Lemma pd1_Su_origin : pd1 Su 0 0 = 0.
Proof.
pose proof PI_RGT_0.
destruct Hgamma_past as (L1 & _ & L3 & _). simpl in L1, L3.
assert (L : is_lim (fun t => pd1 Su (sq1 (gamma t)) 0) m_infty (pd1 Su 0 0)).
{ apply (is_lim_comp_continuous _ (fun t => pd1 Su t 0)); [exact L1|].
  apply pd1_Su_continuous. lra. }
assert (L' : is_lim (fun t => pd1 Su (sq1 (gamma t)) 0) m_infty 0).
{ apply (is_lim_ext_loc (fun t => sp1 (gamma t))); [|exact L3].
  apply is_lim_spec in L1. destruct (L1 (mkposreal (PI + a) ltac:(lra))) as [M HM].
  exists M. intros t Ht. specialize (HM t Ht). simpl in HM.
  rewrite Rminus_0_r in HM. apply Rabs_def2 in HM.
  rewrite (proj1 (Hgamma_P t)). apply P_grad_Su; [apply orbit_q1_bounds | lra]. }
apply is_lim_unique in L, L'. rewrite L in L'. now injection L'.
Qed.

Lemma P1_continuous (x : R) : 0 < x < 2 * PI -> continuous P1 x.
Proof.
assert (Hleft : forall u, 0 < u < 2 * PI -> u < PI + a -> continuous P1 u).
{ clear x. intros x Hx Hxa. apply (continuous_ext_loc _ (fun t => pd1 Su t 0)).
  - apply (locally_interval _ x 0 (Rmin (PI + a) (2 * PI))); simpl; try lra.
    + now apply Rmin_glb_lt.
    + intros y Hy1 Hy2. symmetry. apply P_grad_Su.
      * split; [lra | eapply Rlt_le_trans; [exact Hy2 | apply Rmin_r]].
      * eapply Rlt_le_trans; [exact Hy2 | apply Rmin_l].
  - apply pd1_Su_continuous. lra. }
intros Hx. destruct (Rlt_dec x (PI + a)) as [Hxa | Hxa]; [now apply Hleft|].
apply (continuous_ext_loc _ (fun u => P1 (2 * PI - u))).
- apply (locally_interval _ x 0 (2 * PI)); simpl; try lra.
  intros y Hy1 Hy2. apply P_reflect. lra.
- apply (continuous_comp (fun u => 2 * PI - u)).
  + apply (continuous_minus (fun _ : R => 2 * PI)); [apply continuous_const | apply continuous_id].
  + apply Hleft; lra.
Qed.

Lemma P1_lim_right_0 : filterlim P1 (at_right 0) (locally 0).
Proof.
pose proof PI_RGT_0.
apply (filterlim_ext_loc (fun t => pd1 Su t 0)).
- exists (mkposreal (Rmin (PI + a) (2 * PI)) ltac:(apply Rmin_glb_lt; lra)).
  intros y Hy Hpos. change (Rabs (y - 0) < Rmin (PI + a) (2 * PI)) in Hy.
  rewrite Rminus_0_r, Rabs_pos_eq in Hy by lra.
  symmetry. apply P_grad_Su.
  + split; [lra | eapply Rlt_le_trans; [exact Hy | apply Rmin_r]].
  + eapply Rlt_le_trans; [exact Hy | apply Rmin_l].
- apply (filterlim_filter_le_1 _ (filter_le_within _)).
  rewrite <- pd1_Su_origin at 2. apply pd1_Su_continuous. lra.
Qed.

End HomoclinicOrbit.

Lemma periodic2_translate_back (f : R -> R -> R) (x y : R) :
  periodic2 f -> f (x + - (2 * PI)) y = f x y.
Proof.
intros Hf. rewrite <- (proj1 (Hf (x + - (2 * PI)) y)). f_equal. ring.
Qed.

Lemma Ham_translate_q1 (b11 b12 b22 V : R -> R -> R) :
  periodic2 b11 -> periodic2 b12 -> periodic2 b22 -> periodic2 V ->
  forall q1 q2 p1 p2,
    Ham b11 b12 b22 V (q1 + - (2 * PI)) q2 p1 p2 = Ham b11 b12 b22 V q1 q2 p1 p2.
Proof.
intros P11 P12 P22 PV q1 q2 p1 p2. unfold Ham.
now rewrite !periodic2_translate_back.
Qed.

Theorem proposition6
  (b11 b12 b22 Vpot : R -> R -> R)
  (Hb11 : C2_on whole_plane b11) (Hb12 : C2_on whole_plane b12)
  (Hb22 : C2_on whole_plane b22) (HV : C2_on whole_plane Vpot)
  (Pb11 : periodic2 b11) (Pb12 : periodic2 b12) (Pb22 : periodic2 b22)
  (PV : periodic2 Vpot)
  (Bpos : forall x y, 0 < b11 x y /\ 0 < b11 x y * b22 x y - b12 x y ^ 2)
  (Vmax : exists eps, 0 < eps /\
     forall x y, Rabs x < eps -> Rabs y < eps -> Vpot x y <= Vpot 0 0)
  (Vnondeg : pd1 (pd1 Vpot) 0 0 * pd2 (pd2 Vpot) 0 0 - pd2 (pd1 Vpot) 0 0 * pd1 (pd2 Vpot) 0 0 <> 0)
  (V0 : Vpot 0 0 = 0)
  (dB : forall x, pd2 b11 x 0 = 0 /\ pd2 b12 x 0 = 0 /\ pd2 b22 x 0 = 0)
  (P1 P2 : R -> R)
  (gamma : R -> state)
  (Hgsol : is_solution (Ham b11 b12 b22 Vpot) gamma)
  (Hgq2 : forall t, sq2 (gamma t) = 0)
  (Hginc : forall t s, t < s -> sq1 (gamma t) < sq1 (gamma s))
  (Hgm : tends_to gamma m_infty origin)
  (Hgp : tends_to gamma p_infty (mkst (2 * PI) 0 0 0))
  (HgP : forall t, sp1 (gamma t) = P1 (sq1 (gamma t)) /\
                   sp2 (gamma t) = P2 (sq1 (gamma t)))
  (a delta : R) (Ha : 0 < a) (Hdelta : 0 < delta)
  (Su Ss : R -> R -> R)
  (HSu : C2_on (box (- a) (PI + a) (- delta) delta) Su)
  (HSs : C2_on (box (- PI - a) a (- delta) delta) Ss)
  (Hu : is_graph_over (Wu (Ham b11 b12 b22 Vpot) origin)
          (box (- a) (PI + a) (- delta) delta) Su)
  (Hs : is_graph_over (Ws (Ham b11 b12 b22 Vpot) origin)
          (box (- PI - a) a (- delta) delta) Ss)
  (Su0 : Su 0 0 = 0) (Ss0 : Ss 0 0 = 0)
  (r2 : R) (Hr2 : r2 = 1 \/ r2 = -1)
  (Hrev : forall z, XH (Ham b11 b12 b22 Vpot) (calR r2 z)
                    = opp_state (calR r2 (XH (Ham b11 b12 b22 Vpot) z))) :
  let sigma := RInt P1 0 (2 * PI) in
  let Sshat := fun x y => Ss (x - 2 * PI) y + sigma in
  let S0' := antiper_ext P1 in
  let S0 := fun x => RInt S0' 0 x in
  let S1 := antiper_ext P2 in
  let Tu := fun x => pd2 (pd2 Su) x 0 in
  let Tshat := fun x => pd2 (pd2 Sshat) x 0 in
  (forall x y, PI - a < x < PI + a -> - delta < y < delta ->
     Sshat (2 * PI - x) (r2 * y) = - Su x y + sigma) /\
  (forall x, S0 (2 * PI - x) = - S0 x + sigma) /\
  (forall x, S1 (2 * PI - x) = - r2 * S1 x) /\
  (forall x, PI - a < x < PI + a -> Tshat (2 * PI - x) = - Tu x).
Proof.
intros sigma Sshat S0' S0 S1 Tu Tshat.
pose proof PI_RGT_0.
destruct HSu as (HSu1 & _ & HSu2). destruct HSs as (HSs1 & _ & _).
pose proof (Wu_calR_Ws _ r2 Hrev) as HWu_Ws.
pose proof (Ham_translate_q1 _ _ _ _ Pb11 Pb12 Pb22 PV) as Hper.
assert (Hgrad : forall x, - a < x < PI + a ->
          pd1 Ss (- x) 0 = pd1 Su x 0 /\ pd2 Ss (- x) 0 = - (r2 * pd2 Su x 0)).
{ intros x Hx.
  assert (G : pd1 Ss (- x) (r2 * 0) = pd1 Su x 0 /\
              pd2 Ss (- x) (r2 * 0) = - (r2 * pd2 Su x 0))
    by (eapply grad_Ss_reflect with (a := a) (delta := delta); try eassumption; split; lra).
  now rewrite Rmult_0_r in G. }
assert (HP : forall u, 0 < u < 2 * PI ->
          P1 (2 * PI - u) = P1 u /\ P2 (2 * PI - u) = - r2 * P2 u)
  by (intros; eapply (P_reflect _ gamma) with (a := a) (delta := delta); eassumption).
split; [|split; [|split]].
- intros x y Hx Hy. unfold Sshat. replace (2 * PI - x - 2 * PI) with (- x) by ring.
  erewrite Ss_reflect with (a := a) (delta := delta); try eassumption; [reflexivity | split; lra].
- intros x. unfold S0, sigma.
  rewrite (RInt_ext P1 S0') by (intros y Hy; symmetry; apply antiper_ext_in;
    rewrite Rmin_left, Rmax_right in Hy; lra).
  apply RInt_reflect.
  + apply antiper_ext_continuous.
    * eapply (P1_continuous _ gamma) with (a := a) (delta := delta); eassumption.
    * intros u Hu'. apply HP, Hu'.
    * eapply (P1_lim_right_0 _ gamma) with (a := a) (delta := delta); eassumption.
  + intros y. unfold S0'. rewrite (antiper_ext_reflect P1 1); [ring|].
    intros u Hu'. rewrite Rmult_1_l. apply HP, Hu'.
- intros x. apply antiper_ext_reflect. intros u Hu'. apply HP, Hu'.
- intros x Hx. unfold Tshat, Tu, Sshat. rewrite pd2_pd2_translate.
  replace (2 * PI - x - 2 * PI) with (- x) by ring.
  eapply pd2_pd2_Ss_reflect with (a := a) (delta := delta); try eassumption. lra.
Qed.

☆ ☆ ☆

[What to work on]:
Starting at the line that contains "rewrite (RInt_ext P1" and ending at the last line of the data, repeat each line exactly; include nothing else.

[Answer area]:
  rewrite (RInt_ext P1 S0') by (intros y Hy; symmetry; apply antiper_ext_in;
    rewrite Rmin_left, Rmax_right in Hy; lra).
  apply RInt_reflect.
  + apply antiper_ext_continuous.
    * eapply (P1_continuous _ gamma) with (a := a) (delta := delta); eassumption.
    * intros u Hu'. apply HP, Hu'.
    * eapply (P1_lim_right_0 _ gamma) with (a := a) (delta := delta); eassumption.
  + intros y. unfold S0'. rewrite (antiper_ext_reflect P1 1); [ring|].
    intros u Hu'. rewrite Rmult_1_l. apply HP, Hu'.
- intros x. apply antiper_ext_reflect. intros u Hu'. apply HP, Hu'.
- intros x Hx. unfold Tshat, Tu, Sshat. rewrite pd2_pd2_translate.
  replace (2 * PI - x - 2 * PI) with (- x) by ring.
  eapply pd2_pd2_Ss_reflect with (a := a) (delta := delta); try eassumption. lra.
Qed.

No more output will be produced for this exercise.